Don’t forget future climate when tightening up building codes

By on 1 May, 2019

One Central Park building, Sydney.

, Scientia Professor and CEO, Co-operative Research Centre for Low Carbon Living, UNSW

Too often it takes a crisis to trigger changes in legislation and behaviour, when forward thinking, cooperation and future planning could have negated the risk in the first place.

Australia’s building and construction industry is under the microscope and changes in the law are in the wind, due to situations that could have been avoided. These include the evacuation of Sydney’s Opal building and the fires in Melbourne’s Lacrosse tower in 2014 and the Neo200 apartment building in February, both of which were fuelled by combustable cladding, as was the 2017 fire in London’s Grenfell Tower that killed 72 people.

The Shergold Weir report made 24 recommendations to improve the National Construction Code to ensure compliance, integrity and more. Commissioned by federal and state building ministers, the report was made public at the Australian Building Ministers Forum in April 2018. But implementation has been too slow to prevent the problems in the Opal and Neo200 apartment buildings. And it included no changes to climate-proof buildings.

A new National Construction Code comes into effect on May 1. Recent events have, however, exposed inadequate construction standards and increased public pressure for further change. This presents an opportunity to future-proof our cities as well as restore public confidence in our construction industry.

Construction codes were created to eliminate “worse practice”, but we are now in a position to make them “best practice”. Importantly, we must prepare for climate change. Australia is increasingly experiencing more extreme weather patterns, but are we ready?

The legislative overhaul must also include building sustainability and higher performance requirements. A low-to-zero-carbon future must be part of the picture.

Construction code changes are needed urgently, not just for increased safety, but to ensure future urban developments:

  • are ready for higher energy demands to cool and heat buildings
  • are designed to maximise sun and shade at the appropriate times to cool and warm both building and street
  • use materials that reflect heat for hot climates and absorb it for cooler ones
  • maximise insulation to reduce energy use
  • provide enough green space to give shade, produce oxygen and sustain a healthy environment
  • use water features to cool common and public areas
  • install smart technology to monitor and manage buildings and precincts.

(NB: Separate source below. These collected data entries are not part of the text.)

Lemma greedy_step_decay mu k (S : {set P}) : (0 < mu)%N ->
  #|S| = (2 * (mu - 1) + k)%N -> (0 < deficiency mu S)%N ->
  exists2 x, x \notin S & INR (deficiency mu (x |: S)) <=
    INR (deficiency mu S) * exp (- (1 + (INR q - 1) * INR k) / INR (mu * #|P|)).
Proof.
move=> mu_gt0 card_S def_gt0; have [x xS step] := greedy_step def_gt0.
exists x => //.
have q_ge2 := order_ge2.
have gain_ge : (1 + (q - 1) * k <= 1 + q * #|S| - (q * (mu - 1) + #|S|))%N.
  rewrite card_S; nia.
have {}step : (deficiency mu (x |: S) * (mu * #|P|) +
    deficiency mu S * (1 + (q - 1) * k) <= deficiency mu S * (mu * #|P|))%N.
  by apply: leq_trans step; rewrite leq_add2l leq_mul2l gain_ge orbT.
have M_gt0 : 0 < INR (mu * #|P|).
  by apply/lt_0_INR/ltP; rewrite muln_gt0 mu_gt0 card_points addn1.
have -> : 1 + (INR q - 1) * INR k = INR (1 + (q - 1) * k).
  by rewrite plus_INR mult_INR minus_INR; [rewrite INR_1 | apply/leP; lia].
apply: (decay_step M_gt0 (pos_INR _)).
by rewrite -!mult_INR -plus_INR; apply/le_INR/leP.
Qed.

Lemma greedy_decay mu k : (0 < mu)%N -> exists S : {set P},
  [/\ #|S| = (2 * (mu - 1) + k)%N \/ deficiency mu S = 0%N,
      (#|S| <= 2 * (mu - 1) + k)%N &
      INR (deficiency mu S) <= INR (mu * #|P|) *
        exp (- greedy_gain (INR q - 1) (INR k) / INR (mu * #|P|))].
Proof.
move=> mu_gt0; set M := INR (mu * #|P|).
have M_gt0 : 0 < M by apply/lt_0_INR/ltP; rewrite muln_gt0 mu_gt0 card_points addn1.
elim: k => [|k [S [card_S le_S decay]]].
  have [S [card_S le_S]] := exists_card_or_deficiency0 mu (2 * (mu - 1)).
  exists S; rewrite addn0; split => //.
  rewrite (_ : - _ / M = 0); last by rewrite /greedy_gain /=; field; lra.
  by rewrite exp_0 Rmult_1_r; apply/le_INR/leP/deficiency_le.
have [def0 | def_gt0] := posnP (deficiency mu S).
  exists S; split; [by right | by rewrite addnS leqW |].
  by rewrite def0; apply/Rlt_le/Rmult_lt_0_compat => //; exact: exp_pos.
have {}card_S : #|S| = (2 * (mu - 1) + k)%N.
  by case: card_S => // def0; rewrite def0 in def_gt0.
have [x xS step] := greedy_step_decay mu_gt0 card_S def_gt0.
exists (x |: S); rewrite cardsU1 xS card_S addnS; split => //; first by left.
apply: (Rle_trans _ _ _ step).
apply: (Rle_trans _ (M * exp (- greedy_gain (INR q - 1) (INR k) / M) *
                     exp (- (1 + (INR q - 1) * INR k) / M))).
  by apply: Rmult_le_compat_r => //; exact/Rlt_le/exp_pos.
rewrite Rmult_assoc -exp_plus greedy_gainS; apply: Req_le; congr (_ * exp _).
by field; lra.
Qed.

Lemma small_saturating_set mu : (2 <= mu)%N -> exists2 S : {set P},
  saturating inc mu S &
  INR #|S| <= 2 * INR mu * (sqrt ((INR q + 1) * ln (INR q + 1)) + 1).
Proof.
move=> mu_ge2; set s := sqrt _.
have q_ge2 := order_ge2.
have mu_ge2R : 2 <= INR mu by apply/(le_INR 2)/leP.
have s_ge1 : 1 <= s.
  by rewrite -sqrt_1; apply: sqrt_le_1_alt; have := le_qlnq q_ge2; have := pos_INR q; lra.
have card_P : INR #|P| = INR q * INR q + INR q + 1.
  by rewrite card_points plus_INR mult_INR S_INR INR_1; ring.
have [q_ge3 | q_lt3] := leqP 3 q; last first.
  have q2 : q = 2%N by lia.
  (* the whole plane has only 7 points *)
  exists setT => [Q|]; first by rewrite in_setT.
  by rewrite cardsT card_P q2 /=; nra.
have [K [le_xK le_Kx]] := exists_nat_ceil (ltac:(nra) : 0 <= 2 * INR mu * s).
have [S [_ le_S decay]] := greedy_decay K (ltnW mu_ge2).
have def_le1 : (deficiency mu S <= 1)%N.
  suff : INR (deficiency mu S) < INR 2 by move/INR_lt/ltP.
  apply: (Rle_lt_trans _ _ _ decay); rewrite mult_INR card_P.
  apply: decay_lt2 => //; have := le_INR 3 q (elimT leP q_ge3); rewrite /=; lra.
have [S' sat_S' card_S'] := saturating_completion mu S.
exists S' => //.
have : (#|S'| + 1 <= mu + mu + K)%N by lia.
move/leP/le_INR; rewrite !plus_INR INR_1; nra.
Qed.

End ProjectivePlane.

Lemma Rinv_ge0 x : 0 <= x -> 0 <= / x.
Proof.
case/Rle_lt_or_eq_dec => [x_gt0 | <-]; last by rewrite Rinv_0; exact: Rle_refl.
exact/Rlt_le/Rinv_0_lt_compat.
Qed.

Lemma delta_ge0 q : 0 <= delta q.
Proof. by rewrite /delta; apply: Rmult_le_pos; [lra | apply/Rinv_ge0/sqrt_pos]. Qed.

Lemma Dseq_ge (q i : nat) : (1 <= i)%N -> INR i + (INR i - 1) * delta q <= Dseq q i.
Proof.
have d_ge0 := delta_ge0 q.
elim: i => [//|[|i] IH] _; first by rewrite /=; lra.
have {}IH := IH isT; rewrite [Dseq q i.+2]/= -/(Dseq q i.+1) S_INR.
have : 0 <= (Dseq q i.+1 + delta q) / INR q.
  apply: Rmult_le_pos; last exact/Rinv_ge0/pos_INR.
  have := pos_INR i; rewrite S_INR in IH; nra.
lra.
Qed.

Many leading developers are taking the initiative to ensure projects include high-performance, zero-carbon, highly energy-efficient buildings, with top star ratings, but action needs to be across the board. This can only be done via tough legislation and enforced compliance.

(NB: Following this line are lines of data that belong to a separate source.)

Lemma cont_segment_curve a b : cont_curve (segment_curve a b).
Proof.
  intros t Ht eps Heps.
  pose proof (Rabs_pos (fst b - fst a)). pose proof (Rabs_pos (snd b - snd a)).
  set (dx := Rabs (fst b - fst a)) in *. set (dy := Rabs (snd b - snd a)) in *.
  set (K := dx + dy + 1).
  assert (HK : eps / K * K = eps) by (field; unfold K; lra).
  assert (Hdelta : 0 < eps / K) by (apply Rdiv_lt_0_compat; unfold K; lra).
  set (delta := eps / K) in *.
  exists delta. split; [exact Hdelta|].
  intros s Hs Hst. unfold segment_curve; simpl.
  pose proof (Rabs_pos (s - t)).
  replace (fst a + s * (fst b - fst a) - (fst a + t * (fst b - fst a)))
    with ((s - t) * (fst b - fst a)) by ring.
  replace (snd a + s * (snd b - snd a) - (snd a + t * (snd b - snd a)))
    with ((s - t) * (snd b - snd a)) by ring.
  rewrite !Rabs_mult. fold dx dy. unfold K in HK. split; nra.
Qed.

Lemma crossing_parity_along_segment u n up a b : axis_parallel u n ->
  (forall z, segment a b z -> ~ rayed_polyline u n up z) ->
  crossing_parity u n up a = crossing_parity u n up b.
Proof.
  intros A Hoff.
  assert (E := crossing_parity_along_curve u n up (segment_curve a b) A (cont_segment_curve a b)).
  replace (segment_curve a b 0) with a in E
    by (destruct a; unfold segment_curve; simpl; f_equal; ring).
  replace (segment_curve a b 1) with b in E
    by (destruct a, b; unfold segment_curve; simpl; f_equal; ring).
  symmetry; apply E. intros t Ht. apply Hoff. exists t. split; auto.
Qed.

Lemma polyline_crossings_east u n w :
  (forall m, (m <= n)%nat -> fst (u m) <= fst w) -> polyline_crossings u n w = false.
Proof.
  induction n; simpl; intros H; auto. rewrite IHn by (intros; apply H; lia).
  unfold crosses_segment, Rltb. destruct (Rlt_dec (fst w) (fst (u n))).
  - specialize (H n ltac:(lia)). lra.
  - rewrite !andb_false_r, andb_false_l. reflexivity.
Qed.

Lemma crossing_parity_east u n up w :
  (forall m, (m <= n)%nat -> fst (u m) <= fst w) -> crossing_parity u n up w = false.
Proof.
  intros H. unfold crossing_parity. rewrite polyline_crossings_east by auto.
  assert (H0 := H O ltac:(lia)). assert (Hn := H n ltac:(lia)).
  unfold crosses_ray_south, crosses_ray_north, Rltb.
  destruct (Rlt_dec (fst w) (fst (u O))); [lra|].
  destruct (Rlt_dec (fst w) (fst (u n))); [lra|]. destruct up; reflexivity.
Qed.

Lemma polyline_crossings_north u n w :
  (forall m, (m <= n)%nat -> snd (u m) < snd w) -> polyline_crossings u n w = false.
Proof.
  induction n; simpl; intros H; auto. rewrite IHn by (intros; apply H; lia).
  unfold crosses_segment, Rltb. destruct (Rlt_dec (snd w) (Rmax (snd (u n)) (snd (u (S n))))).
  - exfalso. assert (H1 := H n ltac:(lia)). assert (H2 := H (S n) ltac:(lia)).
    unfold Rmax in r; destruct Rle_dec in r; lra.
  - rewrite !andb_false_r. reflexivity.
Qed.

Lemma crossing_parity_north u n up w :
  (forall m, (m <= n)%nat -> snd (u m) < snd w) ->
  crossing_parity u n up w = if up then Rltb (fst w) (fst (u n)) else false.
Proof.
  intros H. unfold crossing_parity. rewrite polyline_crossings_north by auto.
  assert (H0 := H O ltac:(lia)). assert (Hn := H n ltac:(lia)).
  unfold crosses_ray_south, crosses_ray_north, Rltb, Rleb.
  destruct (Rlt_dec (snd w) (snd (u O))); [lra|].
  destruct (Rlt_dec (snd w) (snd (u n))); [lra|].
  destruct (Rle_dec (snd (u n)) (snd w)); [|lra].
  rewrite !andb_false_r. destruct up; simpl; auto.
  destruct (Rlt_dec (fst w) (fst (u n))); auto.
Qed.

Lemma polyline_crossings_south u n w :
  (forall m, (m <= n)%nat -> snd w < snd (u m)) -> polyline_crossings u n w = false.
Proof.
  induction n; simpl; intros H; auto. rewrite IHn by (intros; apply H; lia).
  unfold crosses_segment, Rleb. destruct (Rle_dec (Rmin (snd (u n)) (snd (u (S n)))) (snd w)).
  - exfalso. assert (H1 := H n ltac:(lia)). assert (H2 := H (S n) ltac:(lia)).
    unfold Rmin in r; destruct Rle_dec in r; lra.
  - rewrite !andb_false_r. reflexivity.
Qed.

Lemma crossing_parity_south u n w :
  (forall m, (m <= n)%nat -> snd w < snd (u m)) ->
  crossing_parity u n false w = xorb (Rltb (fst w) (fst (u O))) (Rltb (fst w) (fst (u n))).
Proof.
  intros H. unfold crossing_parity. rewrite polyline_crossings_south by auto.
  assert (H0 := H O ltac:(lia)). assert (Hn := H n ltac:(lia)).
  unfold crosses_ray_south, Rltb.
  destruct (Rlt_dec (snd w) (snd (u O))); [|lra].
  destruct (Rlt_dec (snd w) (snd (u n))); [|lra].
  rewrite !andb_true_r. simpl. destruct (Rlt_dec (fst w) (fst (u O))); auto.
Qed.

Lemma vertices_bounded_y (u : nat -> point) n :
  exists Y, forall m, (m <= n)%nat -> Rabs (snd (u m)) < Y.
Proof.
  induction n as [|n [Y HY]].
  - exists (Rabs (snd (u O)) + 1). intros m Hm. replace m with O by lia. lra.
  - exists (Rmax Y (Rabs (snd (u (S n))) + 1)). intros m Hm.
    pose proof (Rmax_l Y (Rabs (snd (u (S n))) + 1)).
    pose proof (Rmax_r Y (Rabs (snd (u (S n))) + 1)).
    destruct (Nat.eq_dec m (S n)) as [->|]; [lra|].
    specialize (HY m ltac:(lia)). lra.
Qed.

Definition unit_step (a b : Z * Z) : Prop :=
  (fst b = fst a + 1 /\ snd b = snd a)%Z \/ (fst b = fst a - 1 /\ snd b = snd a)%Z \/
  (fst b = fst a /\ snd b = snd a + 1)%Z \/ (fst b = fst a /\ snd b = snd a - 1)%Z.

Definition same_pair (a b c d : Z * Z) : Prop := (a = c /\ b = d) \/ (a = d /\ b = c).

Definition lattice_midpoint (a b : Z * Z) : point :=
  ((IZR (fst a) + IZR (fst b)) / 2, (IZR (snd a) + IZR (snd b)) / 2).
Definition hpoint (L : Z * Z) (t : R) : point := (IZR (fst L) + t, IZR (snd L)).
Definition vpoint (L : Z * Z) (t : R) : point := (IZR (fst L), IZR (snd L) + t).

Lemma IZR_unit_interval (n : Z) (t : R) : IZR n = t -> 0 <= t <= 1 ->
  (n = 0%Z /\ t = 0) \/ (n = 1%Z /\ t = 1).
Proof.
  intros <- H. assert (A : (0 <= n <= 1)%Z) by (split; apply le_IZR; lra).
  destruct (Z.eq_dec n 0) as [->|]; [left; auto|].
  assert (n = 1%Z) as -> by lia. right; auto.
Qed.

The University of NSW’s Tyree Building is an excellent example of a high-performance building, as is One Central Park, Sydney, which features hanging gardens and an internal water recycling plant. But its most striking feature is its “heliostat”, a large array of mirrors that reflect sunlight to areas that would otherwise be in shadow.

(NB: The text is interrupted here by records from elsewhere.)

Lemma visits_visit_count {R : realType} (T : R -> R) E x n :
  (visits T E x n)%:R = visit_count T E x n :> R.
Proof.
rewrite /visits /visit_count -sum1_card natr_sum big_mkcond /=.
apply: eq_bigr => i _; rewrite indicE.
have [Ei|nEi] := asboolP (E (iter i T x)); first by rewrite !mem_set //=; apply/asboolP.
by rewrite !memNset //=; move/asboolP.
Qed.

Theorem mainTheorem16 (R : realType) (E : set R) (T : R -> R) :
  measurable E -> E `<=` I01 -> (0 < (@lebesgue_measure R) E)%E ->
  is_IET T ->
  exists x0 : R, I01 x0 /\
    exists alpha beta : R, 0 < alpha /\ 0 < beta /\
      forall n : nat, (1 <= n)%N ->
        alpha * n%:R - beta <= (visits T E x0 n)%:R.
Proof.
move=> mE sub_E E0 IET; have [mT muT] := IET_measure_preserving IET.
have mIE : measurable (I01 `&` E) by rewrite setIidr.
have IE0 : (0 < lebesgue_measure (I01 `&` E))%E by rewrite setIidr.
have [c c0 [x0 Ix0 visits_x0]] := exists_frequent_visitor IET.1 mT muT mIE IE0.
exists x0; split => //; exists c, 1; do 2!split => //.
by move=> n _; rewrite visits_visit_count; have := visits_x0 n; lra.
Qed.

Around the world, high-performance buildings are on the increase, such as 313@Somersetin the heart of Singapore, and the Sohrabji Godrej Green Business Centre in Hyderabad – India’s first Leadership in Energy and Environmental Design (LEED) platinum-rated building. There are many more.

Changing the law

New building standards and compliance are required to ensure high-performance buildings are the norm, not the exception. The construction industry should fulfil a “cradle to cradle” objective for materials. This means accounting for:

  • where materials come from
  • how materials are made
  • safety levels
  • carbon component
  • recyclability at demolition.

Laws covering low-carbon building design are imperative, setting standards for geography, maximising natural light, air flow, insulation and smart technology. Technology can monitor and run a building’s utilities to ensure it’s not only energy-efficient but also delivers a health standard that’s adaptable to the future pressures of climate change.

Sustainable buildings are achievable now

Current know-how makes all this achievable. Over the past seven years the Cooperative Research Centre for Low Carbon Living and its industry partners have funded research into most low-to-zero-carbon aspects of the built environment. This has led to many recommendations in reports like Built to Perform, produced by the Australian Sustainable Built Environment Council.

The many research projects include:

  • 17 living laboratories providing cutting-edge data
  • creating low-carbon communities
  • developing tools to measure carbon outputs, from materials to services
  • studying the effects of heatwaves in Western Sydney and ways to cool cities
  • research into low-carbon concrete made of fly ash.

This plethora of data reveals that sustainable cities and precincts are achievable, while providing for a growing communities. Blockchain and solar technology, for example, is now proven for managing a precinct’s energy needs and can help turn energy users into providers.

Although we are more global than ever, online and social media have in turn made us locally focused. We can know what’s going on in our street at a click and this technology is applicable to the operation of our future, sustainable cities.

We have the data, expertise, tools and knowledge to make safe, low-to-zero-carbon cities part of our future. But there’s much work to do. We still need to implement this knowledge, use the tools, change behaviour and instil 100% trust in the design and construction process. There’s no time to waste.

This first appeared on The ConversationIt is republished under a Creative Commons CC BY-ND 4.0 licence.